In order to develop this Policy Influence Toolkit and support partners in advocacy work, a series of five online capacity building sessions were delivered by the project partner ALL DIGITAL, each one focusing on a different layer and scenario, with the purpose of supporting project partners to develop and consolidate their policy-making strategy and to ensure a transversal action across Member States involved in the action. These sessions were specifically conceived to provide clear insight to consortium partners on how the institutions operate and define which role each organisation can play when learning to put pressure on their own government and policy makers. The first two sessions focused on the key aspects and actors of policy making activity in general and influencing policy at European level. The third session discussed the activities at local level. The forth session was devoted to effective advocacy practice at national level, and the last session was centered on the most important aspects of effectively communication, including the tools for delivering advocacy messages, engaging policy makers and key stakeholders.
The STEAMonEdu partners have selected some key policy actors, according to the local, regional, national or international state of the art. They are school managers and directors of both formal and non-formal education, educators and trainers, and, of course, policy makers and authorities and employers (education sector employers, business employers, public sector employers).

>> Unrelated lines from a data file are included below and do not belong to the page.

(* Comparison function t^{s-1} / (1+t)^{s+1}, whose primitive (t/(1+t))^s / s is
   bounded by 1/s: it has bounded partial integrals for s > 0. *)
Definition beta_kernel (s t : R) := exp ((s - 1) * ln t - (s + 1) * ln (1 + t)).

Lemma beta_kernel_primitive s t : 0 < s -> 0 < t ->
  is_derive (fun t => exp (s * (ln t - ln (1 + t))) / s) t (beta_kernel s t).
Proof.
  intros Hs Ht. unfold beta_kernel. auto_derive.
  - repeat split; lra.
  - replace ((s - 1) * ln t - (s + 1) * ln (1 + t)) with
      (s * (ln t + - ln (1 + t)) + (- ln t) + (- ln (1 + t))) by ring.
    rewrite !exp_plus, !exp_Ropp, !exp_ln by lra. field. lra.
Qed.

Lemma cont_pos_beta_kernel s : cont_pos (beta_kernel s).
Proof.
  intros t Ht. apply (@ex_derive_continuous R_AbsRing R_NormedModule).
  unfold beta_kernel. auto_derive. lra.
Qed.

Lemma bounded_partials_beta_kernel s : 0 < s -> bounded_partials (beta_kernel s).
Proof.
  intros Hs. exists (/ s). intros a b Ha Hab.
  set (P := fun t => exp (s * (ln t - ln (1 + t))) / s).
  assert (H : is_RInt (beta_kernel s) a b (minus (P b) (P a))).
  { apply (@is_RInt_derive R_CompleteNormedModule); intros x Hx;
      rewrite Rmin_left in Hx by lra.
    - apply beta_kernel_primitive; lra.
    - apply cont_pos_beta_kernel; lra. }
  rewrite (is_RInt_unique _ _ _ _ H). unfold minus, plus, opp, P; simpl.
  assert (exp (s * (ln b - ln (1 + b))) <= 1).
  { apply Rle_trans with (exp 0); [apply exp_monotone | rewrite exp_0; lra].
    assert (ln b <= ln (1 + b)) by (apply ln_le; lra). nra. }
  pose proof (exp_pos (s * (ln a - ln (1 + a)))).
  assert (0 < / s) by (apply Rinv_0_lt_compat; lra).
  unfold Rdiv. nra.
Qed.
Lemma porbit_ext Q x y : (j y \in porbit (perm_ext Q) (j x)) = (y \in porbit Q x).
Proof.
apply/porbitP/porbitP => [[i]|[i ->]]; last by exists i; rewrite perm_extX.
by rewrite perm_extX => /j_inj ->; exists i.
Qed.

Lemma porbit_ext_out Q z : k z = None -> porbit (perm_ext Q) z = [set z].
Proof.
move=> kz; apply/setP=> w; rewrite inE; apply/idP/eqP => [|->]; last exact: porbit_id.
exact: porbit_fixed (perm_ext_out Q kz).
Qed.

Lemma porbit_ext_in Q x : porbit (perm_ext Q) (j x) = j @: porbit Q x.
Proof.
apply/setP=> w; apply/idP/imsetP => [wx|[y yx ->]]; last by rewrite porbit_ext.
case ew: (k w) => [y|]; first by exists y; rewrite -?porbit_ext (kK ew).
by move: wx; rewrite porbit_sym porbit_ext_out // inE => /eqP ex; move: ew; rewrite -ex jK.
Qed.

Lemma porbits_ext Q : porbits (perm_ext Q) =
  [set j @: X | X : {set T'} in porbits Q] :|: [set [set z] | z : T in [set z | k z == None]].
Proof.
apply/setP => X; rewrite inE; apply/imsetP/orP.
  move=> [z _ ->]; case ez: (k z) => [x|].
    by left; apply/imsetP; exists (porbit Q x); rewrite ?imset_f // -(kK ez) porbit_ext_in.
  by right; apply/imsetP; exists z; rewrite ?inE ?ez // porbit_ext_out.
case=> /imsetP [].
  by move=> Y /imsetP[x _ ->] ->; exists (j x) => //; rewrite porbit_ext_in.
by move=> z; rewrite inE => /eqP ez ->; exists z => //; rewrite porbit_ext_out.
Qed.

(* Each point outside the image of [j] adds a fixed point, hence one orbit. *)
Lemma card_porbits_ext Q : #|porbits (perm_ext Q)| = #|porbits Q| + #|[set z | k z == None]|.
Proof.
have disj : [set j @: X | X : {set T'} in porbits Q] :&:
            [set [set z] | z : T in [set z | k z == None]] = set0.
  apply/setP=> X; rewrite !inE; apply/andP => -[/imsetP[Y /imsetP[x _ ->] ->] /imsetP[z]].
  rewrite inE => /eqP ez /setP/(_ (j x)); rewrite imset_f ?porbit_id // inE => /esym/eqP ejz.
  by move: ez; rewrite -ejz jK.
rewrite porbits_ext cardsU disj cards0 subn0.
by rewrite (card_imset _ (imset_inj j_inj)) (card_imset _ set1_inj).
Qed.

Section Restriction.
Variable s : {perm T}.
Hypothesis s_in : forall x, k (s (j x)) != None.

Definition restr_fun x : T' := if k (s (j x)) is Some y then y else x.

Lemma restr_funE x : j (restr_fun x) = s (j x).
Proof. by have := s_in x; rewrite /restr_fun; case e: (k _) => [y|] // _; exact: kK e. Qed.

Lemma restr_fun_inj : injective restr_fun.
Proof. by move=> x y e; apply/j_inj/(@perm_inj _ s); rewrite -!restr_funE e. Qed.

Definition perm_restr : {perm T'} := perm restr_fun_inj.

Lemma perm_restrE x : j (perm_restr x) = s (j x).
Proof. by rewrite permE restr_funE. Qed.

Lemma perm_ext_restr : (forall z, k z = None -> s z = z) -> perm_ext perm_restr = s.
Proof.
move=> s_out; apply/permP => z; case ez: (k z) => [x|]; last by rewrite perm_ext_out // s_out.
by rewrite -(kK ez) perm_extE perm_restrE.
Qed.

End Restriction.
End PermExtension.

Ltac neq_hyp := first [assumption | rewrite eq_sym; assumption].

(* Evaluates [tperm x y z] for an explicit [z], reading [x != z] and [y != z] off
   the hypotheses. *)
Ltac tperm_simpl := repeat match goal with |- context [@fun_of_perm _ (@tperm _ ?x ?y) ?z] =>
  lazymatch z with
  | context [@tperm] => fail
  | _ => first [rewrite (@tpermL _ x y) | rewrite (@tpermR _ x y) |
                rewrite (@tpermD _ x y z); [ | neq_hyp | neq_hyp]]
  end end.

Ltac uniq_hyps U :=
  let H := fresh in have H := U; move: H; rewrite /= !inE !negb_or => H;
  repeat match goal with H : is_true (_ && _) |- _ => case/andP: H => ? ? end.

Ltac mem_simpl := rewrite ?inE ?eqxx ?orbT.

Ltac notin_simpl := rewrite !inE ?negb_or; repeat (apply/andP; split); neq_hyp.

Section PorbitsCount.
Variable T : finType.
Implicit Types (s : {perm T}) (x y : T) (m n : nat).

Lemma card_porbits_tperm_fixedD s x y n m : s x = x -> x != y ->
  #|porbits s| + n = m -> #|porbits (tperm x y * s)| + n.+1 = m.
Proof. by move=> sx xy <-; rewrite -(card_porbits_tperm_fixed sx xy) addnS. Qed.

Policy influence practices and tools, combined with capacity building activities, are key pillars of the Policy Influence Toolkit within the STEAMonEDU project. Thus, the guide presents the main procedures and tools currently available in order to exert policy influence in the relevant policy-making environments.
The focus is on the advocacy and policy making tools and methodologies identified for the STEAMonEdu project, to trigger specific and tailor-made actions in order to maintain the attention high and on the spot for STE(A)M Education, and conduct advocacy activity at European, national, regional and local level, to ensure a trans-national and structured action addressing the relevant policy making environments. The tools and practices must enable the STEAMonEdu project to effectively advocate at local/regional, national and European level.